Petite Voyageur said...

flawless and breathtaking photos

Jazzy E (hivenn) said...

LOVE the blazer! x hivenn

sacramento said...

My always wonderful Roz, you are a true inspiration every time, ahhhhhhhhhhh(sigh of joy)
Much love.

Dasha said...

wow, great and very strong pictures!

Marta said...

Oh! Thank you so MUCH for commenting! I tought that such a popular blogger wouldn't reply! I feel as I was ,, the choosen one" :). I just adore your dress! Has anyone of you friends from your city has a blog? If so, could you tell me? I've got second question - did you wore this outfit in school?


Sigrid said...

THANKYOU so much for commentingon my blog. I am so glad to see a new post of yours! =)
I am in love with that dress. PINK LACE is gorgeous! As for the ballet russes inspiration... =) I think it was a great idea.
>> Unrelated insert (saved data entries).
(* Let $\mathscr{H}$ be a complex Hilbert space, let $T\in\mathbb{B}(\mathscr{H})$ be invertible, and let $T=U|T|$ be its polar decomposition (so $U$ is unitary). Suppose the spectrum $\mathrm{sp}(U)$ is contained in some open semicircle, i.e. $\mathrm{sp}(U)\subseteq\{e^{i\lambda}:\alpha<\lambda<\alpha+\pi\}$ for some real $\alpha$. Then the Aluthge transform $\widetilde{T}=|T|^{1/2}U|T|^{1/2}$ is normal if and only if $T$ is normal.
   Context: $\mathbb{B}(\mathscr{H})$ denotes the algebra of bounded linear operators on $\mathscr{H}$. For $T\in\mathbb{B}(\mathscr{H})$, $|T|=(T^\ast T)^{1/2}$. The polar decomposition $T=U|T|$ means $U$ is a partial isometry with $\ker U=\ker|T|$ and $U^\ast U$ the projection onto $\overline{\mathrm{ran}(|T|)}$; for invertible $T$, $U$ is unitary and $|T|$ is invertible. The Aluthge transform of $T$ is $\widetilde{T}:=|T|^{1/2}U|T|^{1/2}$. *)

From mathcomp Require Import all_boot all_algebra.
From mathcomp Require Import reals trigo complex.
Import GRing.Theory Num.Theory.
Local Open Scope ring_scope.
Local Open Scope complex_scope.

Set Implicit Arguments.
Unset Strict Implicit.
Unset Printing Implicit Defensive.

Section HilbertDefs.
Variables (R : realType) (H : lmodType R[i]) (ip : H -> H -> R[i]).

Definition cnorm (x : H) : R := Num.sqrt (complex.Re (ip x x)).

Definition is_complex_hilbert : Prop :=
  [/\ (forall (a : R[i]) (x y z : H), ip (a *: x + y) z = a * ip x z + ip y z),
      (forall x y : H, ip y x = (ip x y)^*),
      (forall x : H, 0 <= ip x x),
      (forall x : H, ip x x = 0 -> x = 0) &
      (forall u : nat -> H,
         (forall e : R, 0 < e -> exists N : nat, forall m n : nat,
             (N <= m)%N -> (N <= n)%N -> cnorm (u m - u n) < e) ->
         exists l : H, forall e : R, 0 < e -> exists N : nat, forall n : nat,
             (N <= n)%N -> cnorm (u n - l) < e)].

Definition is_bounded_op (T : H -> H) : Prop :=
  (forall (a : R[i]) (x y : H), T (a *: x + y) = a *: T x + T y) /\
  exists M : R, forall x : H, cnorm (T x) <= M * cnorm x.

Definition is_adjoint (T Ts : H -> H) : Prop :=
  forall x y : H, ip (T x) y = ip x (Ts y).

Definition op_invertible (T : H -> H) : Prop :=
  exists S : H -> H, [/\ is_bounded_op S, (forall x, S (T x) = x) &
                        (forall x, T (S x) = x)].

Definition is_positive_op (P : H -> H) : Prop :=
  is_bounded_op P /\ forall x : H, 0 <= ip (P x) x.

Definition is_unitary_op (U : H -> H) : Prop :=
  is_bounded_op U /\
  exists Us : H -> H, [/\ is_adjoint U Us, (forall x, Us (U x) = x) &
                         (forall x, U (Us x) = x)].

Definition is_normal_op (N : H -> H) : Prop :=
  exists Ns : H -> H, is_adjoint N Ns /\ forall x, N (Ns x) = Ns (N x).

Definition spectrum (T : H -> H) (lam : R[i]) : Prop :=
  ~ op_invertible (fun x => T x - lam *: x).

Definition is_pos_sqrt (P Q : H -> H) : Prop :=
  is_positive_op Q /\ forall x, Q (Q x) = P x.

Definition is_op_abs (T A : H -> H) : Prop :=
  exists Ts : H -> H, is_adjoint T Ts /\ is_pos_sqrt (fun x => Ts (T x)) A.

(* Aluthge transform |T|^{1/2} U |T|^{1/2}, given S = |T|^{1/2} *)
Definition aluthge (S U : H -> H) : H -> H := fun x => S (U (S x)).

End HilbertDefs.

(* Backward direction: if [T = U A] is normal then [U] commutes with [A^2 = T^* T], hence with
   [A] and with [S = A^(1/2)], so the Aluthge transform [S U S] is [T] itself.
   Forward direction: normality of [S U S] together with injectivity and surjectivity of
   [S] gives [U A U^* = U^* A U], i.e. [A] commutes with [U^2].  Rotating the spectrum,
   [V = w U] has spectrum in the open right half plane, so its numerical range lies in a
   half plane [Re z >= c > 0]; then [B = V + V^*] is positive and invertible.  [A] commutes
   with [B^2 = V^2 + V^*2 + 2], hence with [B], and with [B (V - V^* ) = V^2 - V^*2], hence
   with [V - V^*]; so [A] commutes with [V] and [U], and [T = U A] is normal.
   Commutation with square roots is proved without functional calculus: if [X] commutes
   with [B^2], then [Y = X B - B X] anticommutes with [B], so [2 Y = C Y + Y C] for the
   strict contraction [C = 1 - B / L], which forces [Y = 0]. *)

From mathcomp Require Import all_boot all_order all_algebra.
From mathcomp Require Import reals trigo complex.
From mathcomp Require Import classical_sets topology normedtype sequences.
From mathcomp Require Import ring lra.
From Stdlib Require Import Classical.
Import Order.TTheory GRing.Theory Num.Theory numFieldNormedType.Exports.
Local Open Scope ring_scope.
Local Open Scope complex_scope.

Set Implicit Arguments.
Unset Strict Implicit.
Unset Printing Implicit Defensive.

Local Notation Re := complex.Re.
Local Notation Im := complex.Im.

Section Geometric.
Local Open Scope classical_set_scope.

Lemma geometric_eq0 (R : realType) (a b p : R) :
  0 <= a -> 0 <= p < 1 -> (forall n, a <= p ^+ n * b) -> a = 0.
Proof.
move=> a_ge0 /andP[p_ge0 p_lt1] le_ab; apply/eqP; rewrite eq_le a_ge0 andbT.
have : (fun n : nat => p ^+ n * b) @ \oo --> 0 * b.
  by apply: cvgMr_tmp; apply: cvg_expr; rewrite ger0_norm.
rewrite mul0r => pb0.
by apply: (ler_cvg_to (cvg_cst a) pb0); apply: nearW.
Qed.

End Geometric.

(** * Inner product spaces *)

Section InnerProduct.
Variables (R : realType) (H : lmodType R[i]) (ip : H -> H -> R[i]).
Hypothesis ipDZl : forall (a : R[i]) (x y z : H), ip (a *: x + y) z = a * ip x z + ip y z.
Hypothesis ip_conj : forall x y : H, ip y x = (ip x y)^*.
Hypothesis ip_ge0 : forall x : H, 0 <= ip x x.
Hypothesis ip_eq0 : forall x : H, ip x x = 0 -> x = 0.

Definition normsq (x : H) : R := Re (ip x x).

Lemma ip0l z : ip 0 z = 0.
Proof. by have := ipDZl (-1) 0 0 z; rewrite scaler0 addr0 mulN1r addNr. Qed.

Lemma ipDl x y z : ip (x + y) z = ip x z + ip y z.
Proof. by rewrite -[x in LHS]scale1r ipDZl mul1r. Qed.

Lemma ipZl a x z : ip (a *: x) z = a * ip x z.
Proof. by rewrite -[a *: x]addr0 ipDZl ip0l addr0. Qed.

Lemma ipNl x z : ip (- x) z = - ip x z.
Proof. by rewrite -scaleN1r ipZl mulN1r. Qed.

Lemma ipBl x y z : ip (x - y) z = ip x z - ip y z.
Proof. by rewrite ipDl ipNl. Qed.

Lemma ip0r z : ip z 0 = 0.
Proof. by rewrite ip_conj ip0l conjc0. Qed.

Lemma ipDr x y z : ip z (x + y) = ip z x + ip z y.
Proof. by rewrite ip_conj ipDl rmorphD /= -!ip_conj. Qed.

Lemma ipZr a x z : ip z (a *: x) = a^* * ip z x.
Proof. by rewrite ip_conj ipZl rmorphM /= -ip_conj. Qed.

Lemma ipNr x z : ip z (- x) = - ip z x.
Proof. by rewrite ip_conj ipNl rmorphN /= -ip_conj. Qed.

Lemma ipBr x y z : ip z (x - y) = ip z x - ip z y.
Proof. by rewrite ip_conj ipBl rmorphB /= -!ip_conj. Qed.

Lemma Re_ipC x y : Re (ip y x) = Re (ip x y).
Proof. by rewrite ip_conj; case: (ip x y). Qed.

Lemma ip_normsq x : ip x x = (normsq x)%:C.
Proof. by have := ger0_Im (ip_ge0 x); rewrite /normsq; case: (ip x x) => a b /= ->. Qed.

Lemma normsq_ge0 x : 0 <= normsq x.
Proof. by have := ip_ge0 x; rewrite lecE => /andP[]. Qed.

Lemma normsq_eq0 x : normsq x = 0 -> x = 0.
Proof. by move=> nx0; apply: ip_eq0; rewrite ip_normsq nx0. Qed.

Lemma normsq0 : normsq 0 = 0.
Proof. by rewrite /normsq ip0l. Qed.

Lemma ip_injr x y : (forall z, ip z x = ip z y) -> x = y.
Proof.
by move=> eq_xy; apply/eqP; rewrite -subr_eq0; apply/eqP/ip_eq0; rewrite ipBr eq_xy subrr.
Qed.

Lemma normsqD x y : normsq (x + y) = normsq x + normsq y + 2 * Re (ip x y).
Proof. by rewrite /normsq ipDl !ipDr !raddfD /= (Re_ipC x y); ring. Qed.

Lemma normsqB x y : normsq (x - y) = normsq x + normsq y - 2 * Re (ip x y).
Proof. by rewrite /normsq ipBl !ipBr !raddfB /= (Re_ipC x y); ring. Qed.

Lemma normsqN x : normsq (- x) = normsq x.
Proof. by rewrite /normsq ipNl ipNr opprK. Qed.

Lemma normsqZ a x : normsq (a *: x) = Re (a * a^*) * normsq x.
Proof. by rewrite /normsq ipZl ipZr mulrA ip_normsq; case: (a * a^*) => u v /=; ring. Qed.

Lemma normsqZ_unit a x : a * a^* = 1 -> normsq (a *: x) = normsq x.
Proof. by move=> aa1; rewrite normsqZ aa1 mul1r. Qed.

Lemma normsqZ_real (r : R) x : normsq (r%:C *: x) = r ^+ 2 * normsq x.
Proof. by rewrite normsqZ /=; congr (_ * _); ring. Qed.

Lemma Re_ip_le x y : 2 * Re (ip x y) <= normsq x + normsq y.
Proof. by have := normsq_ge0 (x - y); rewrite normsqB; lra. Qed.

Lemma Re_ip_ge x y : - (normsq x + normsq y) <= 2 * Re (ip x y).
Proof. by have := normsq_ge0 (x + y); rewrite normsqD; lra. Qed.

Lemma normsqD_le x y : normsq (x + y) <= 2 * (normsq x + normsq y).
Proof. by have := Re_ip_le x y; rewrite normsqD; lra. Qed.

Lemma Re_ipZl_real (r : R) x y : Re (ip (r%:C *: x) y) = r * Re (ip x y).
Proof. by rewrite ipZl; case: (ip x y) => u v /=; ring. Qed.

Lemma Re_ipZr_real (r : R) x y : Re (ip x (r%:C *: y)) = r * Re (ip x y).
Proof. by rewrite ipZr; case: (ip x y) => u v /=; ring. Qed.

Section LinearMap.
Variable F : H -> H.
Hypothesis F_lin : linear F.

Lemma linf0 : F 0 = 0.
Proof. by have := F_lin (-1) 0 0; rewrite scaler0 addr0 scaleN1r addNr. Qed.

Lemma linfD x y : F (x + y) = F x + F y.
Proof. by rewrite -[x in LHS]scale1r F_lin scale1r. Qed.

Lemma linfZ a x : F (a *: x) = a *: F x.
Proof. by rewrite -[a *: x]addr0 F_lin linf0 addr0. Qed.

Lemma linfN x : F (- x) = - F x.
Proof. by rewrite -scaleN1r linfZ scaleN1r. Qed.

Lemma linfB x y : F (x - y) = F x - F y.
Proof. by rewrite linfD linfN. Qed.

End LinearMap.

Lemma linear_add (F G : H -> H) : linear F -> linear G -> linear (fun x => F x + G x).
Proof. by move=> F_lin G_lin a x y; rewrite F_lin G_lin scalerDr addrACA. Qed.

Lemma linear_sub (F G : H -> H) : linear F -> linear G -> linear (fun x => F x - G x).
Proof. by move=> F_lin G_lin a x y; rewrite F_lin G_lin scalerBr opprD addrACA. Qed.

Lemma linear_comp (F G : H -> H) : linear F -> linear G -> linear (fun x => F (G x)).
Proof. by move=> F_lin G_lin a x y; rewrite G_lin F_lin. Qed.

Definition op_bounded (F : H -> H) :=
  exists K : R, 0 < K /\ forall x, normsq (F x) <= K * normsq x.

Definition bounded_below (F : H -> H) :=
  exists K : R, 0 < K /\ forall x, normsq x <= K * normsq (F x).

Lemma bounded_opP F : is_bounded_op ip F -> linear F /\ op_bounded F.
Proof.
case=> F_lin [M leM]; split=> //; exists (M ^+ 2 + 1); split; first by nra.
move=> x; have := leM x; rewrite /cnorm -/(normsq _) -/(normsq _).
have := sqr_sqrtr (normsq_ge0 (F x)); have := sqr_sqrtr (normsq_ge0 x).
have := sqrtr_ge0 (normsq (F x)); have := sqrtr_ge0 (normsq x).
set a := Num.sqrt _; set b := Num.sqrt _ => b_ge0 a_ge0 <- <- le_ab.
by nra.
Qed.

Lemma isometry_bounded V : (forall x, normsq (V x) = normsq x) -> op_bounded V.
Proof. by move=> V_iso; exists 1; split=> // x; rewrite V_iso mul1r. Qed.

Lemma bounded_add (F G : H -> H) :
  op_bounded F -> op_bounded G -> op_bounded (fun x => F x + G x).
Proof.
move=> [KF [KF_gt0 leF]] [KG [KG_gt0 leG]]; exists (2 * (KF + KG)); split; first lra.
move=> x; have := normsqD_le (F x) (G x); have := leF x; have := leG x.
by have := normsq_ge0 x; nra.
Qed.

Lemma bounded_sub (F G : H -> H) :
  op_bounded F -> op_bounded G -> op_bounded (fun x => F x - G x).
Proof.
move=> bF [KG [KG_gt0 leG]]; apply: bounded_add bF _.
by exists KG; split=> // x; rewrite normsqN.
Qed.

Lemma bounded_comp (F G : H -> H) :
  op_bounded F -> op_bounded G -> op_bounded (fun x => F (G x)).
Proof.
move=> [KF [KF_gt0 leF]] [KG [KG_gt0 leG]]; exists (KF * KG); split; first exact: mulr_gt0.
move=> x; have := leF (G x); have := leG x; have := normsq_ge0 (G x).
by have := normsq_ge0 x; nra.
Qed.

Lemma invertible_bounded_below F : op_invertible ip F -> bounded_below F.
Proof.
case=> G [/bounded_opP[_ [K [K_gt0 leG]]] GF _]; exists K; split=> // x.
by have := leG (F x); rewrite GF.
Qed.

(** * Positive operators *)

Definition psd (P : H -> H) := linear P /\ forall x, 0 <= ip (P x) x.

Definition coercive (P : H -> H) :=
  exists c : R, 0 < c /\ forall x, c * normsq x <= Re (ip (P x) x).

Lemma positive_psd P : is_positive_op ip P -> psd P /\ op_bounded P.
Proof. by case=> /bounded_opP[P_lin P_bnd] P_ge0. Qed.

Section PositiveOperator.
Variable P : H -> H.
Hypothesis P_psd : psd P.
I have been in ballet for fifteen or so years... and I am eighteen now. Since I could walk I have been dancing. It is my life. So I appreciate people who like ballet or mention good things about it!

ALSO I ask the same question is needle work appreciated or even noticed!!!!! I went to a quilt exhibit in San Fransisco about a half year ago. Amish quilts all made by hand, equisite details and amazing patterns. I couldn't believe they had made them without technology!

love Sigrid

Sigrid said...

oh also. this pink is such a good colour on you!
because your skin tone compliments it so well and visa versa !

Camilla said...

gorgeous dress, the colour suits you wonderfully

x Camilla

It-Blogirls said...

Wow you have such a great style and outfit!
you look beyond great!

Soccer Mom Style said...

Couldn't agree with you more about art and skill. I love pre-Rafaelites too.
Beautiful pictures, love how you used green blazer in the first photo.

are you dressing up or dressing down said...

such gorgeous photos. you have vintage perfected.

Helen, X

Bibi said...

I agree with you that not many people have knowledge in such traditions as lace making, quiliting etc very traditional techniques that should stay in our heritage. I for one was very pleased and so intrigued by the V&A exhbition about quilts, it taught of the way quilts were made. One piece of information I cherished was that If you looked inside the lining of a quilt you would find papers with literature form the day, old books with their pages ripped out for paper to form the template, which would teach a lot about the culture of the day. I learnt about many new artists embracing the techniques of quilt making and its importance. One of these being Tracey Emin who I believe s terribly underated and abashed by critiques who seem to have no knowledge of traditional technques. I like that through the work of Tracey Emin I have grown more interest in traditional techniques.
I wish I had gone to the ballet russes exhbition, since I have been younger I have had a great interest in Ballet, luckily they release the books alongside the exhbition so I may have to indulge in a read of this as it sounds good.
I mut say It is refereshing to see someone expressing their thoughts so thorougly, you blog is an interesting read & your photographs always remind me of the tumbling hills described in Wuthering Heights along with your slightly classical style.